ACTIVITY: Lines from the beginning of the data below through the one containing "Lemma eq_mask_split T" are to be printed exactly as they appear.

*** Block opens ***

Lemma eq_maskP T x y :
  reflect (forall q, q \in T -> qbit x q = qbit y q) (mask T x == mask T y).
Proof.
apply: (iffP eqP) => [eq_xy q qT | eq_xy].
  by have /ffunP/(_ q) := eq_xy; rewrite !maskE qT.
by apply/ffunP => q; rewrite !maskE; case: (boolP (q \in T)) => //= /eq_xy.
Qed.

Lemma eq_mask_split T x y :
  (x == y) = (mask T x == mask T y) && (mask (~: T) x == mask (~: T) y).
Proof.
apply/eqP/andP => [-> // | [/eq_maskP eqT /eq_maskP eqTc]].
apply: qbit_inj => q; case: (boolP (q \in T)) => qT; first exact: eqT.
by apply: eqTc; rewrite inE.
Qed.

End Labels.

Section Tensor.

Variable m : nat.
Implicit Types (T : {set 'I_m}) (M N : 'M[algC]_(2 ^ m)) (f g : subop m).

Lemma mulmx_tensor_disjoint T1 T2 M N f g :
  [disjoint T1 & T2] -> is_tensor T1 M f (@id_op m) -> is_tensor T2 N g (@id_op m) ->
  forall x y, (M *m N) x y = f (mask T1 x) (mask T1 y) * g (mask T2 x) (mask T2 y) *
     (mask (~: (T1 :|: T2)) x == mask (~: (T1 :|: T2)) y)%:R.
Proof.
move=> T12 tM tN x y; rewrite mxE.
have [lab qbit_lab] := exists_qbit_inverse m.
pose z0 := lab [ffun q => if q \in T1 then qbit y q else qbit x q].
have z0E q : qbit z0 q = if q \in T1 then qbit y q else qbit x q.
  by rewrite qbit_lab ffunE.
have linkE z : (mask (~: T1) x == mask (~: T1) z) && (mask (~: T2) z == mask (~: T2) y)
    = (z == z0) && (mask (~: (T1 :|: T2)) x == mask (~: (T1 :|: T2)) y).
  apply/andP/andP => [[/eq_maskP xz /eq_maskP zy] | [/eqP-> /eq_maskP xy]].
    split; first apply/eqP/qbit_inj => q.
      rewrite z0E; case: ifP => qT1; first by apply: zy; rewrite inE (disjointFr T12).
      by apply/esym/xz; rewrite inE qT1.
    apply/eq_maskP => q; rewrite !inE negb_or => /andP[qT1 qT2].
    by rewrite xz ?zy // inE.
  split; apply/eq_maskP => q; rewrite inE z0E => qT; first by rewrite (negbTE qT).
  by case: ifP => // qT1; apply: xy; rewrite !inE qT1.
have z0T1 : mask T1 z0 = mask T1 y by apply/eqP/eq_maskP => q qT1; rewrite z0E qT1.
have z0T2 : mask T2 z0 = mask T2 x.
  by apply/eqP/eq_maskP => q qT2; rewrite z0E (disjointFl T12 qT2).
under eq_bigr => z _ do rewrite tM tN /id_op mulrACA -natrM mulnb linkE.
rewrite (bigD1 z0) //= eqxx z0T1 z0T2 big1 ?addr0 // => z /negbTE->.
by rewrite mulr0.
Qed.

*** Block closes ***

ANSWER:
Lemma eq_maskP T x y :
  reflect (forall q, q \in T -> qbit x q = qbit y q) (mask T x == mask T y).
Proof.
apply: (iffP eqP) => [eq_xy q qT | eq_xy].
  by have /ffunP/(_ q) := eq_xy; rewrite !maskE qT.
by apply/ffunP => q; rewrite !maskE; case: (boolP (q \in T)) => //= /eq_xy.
Qed.

Lemma eq_mask_split T x y :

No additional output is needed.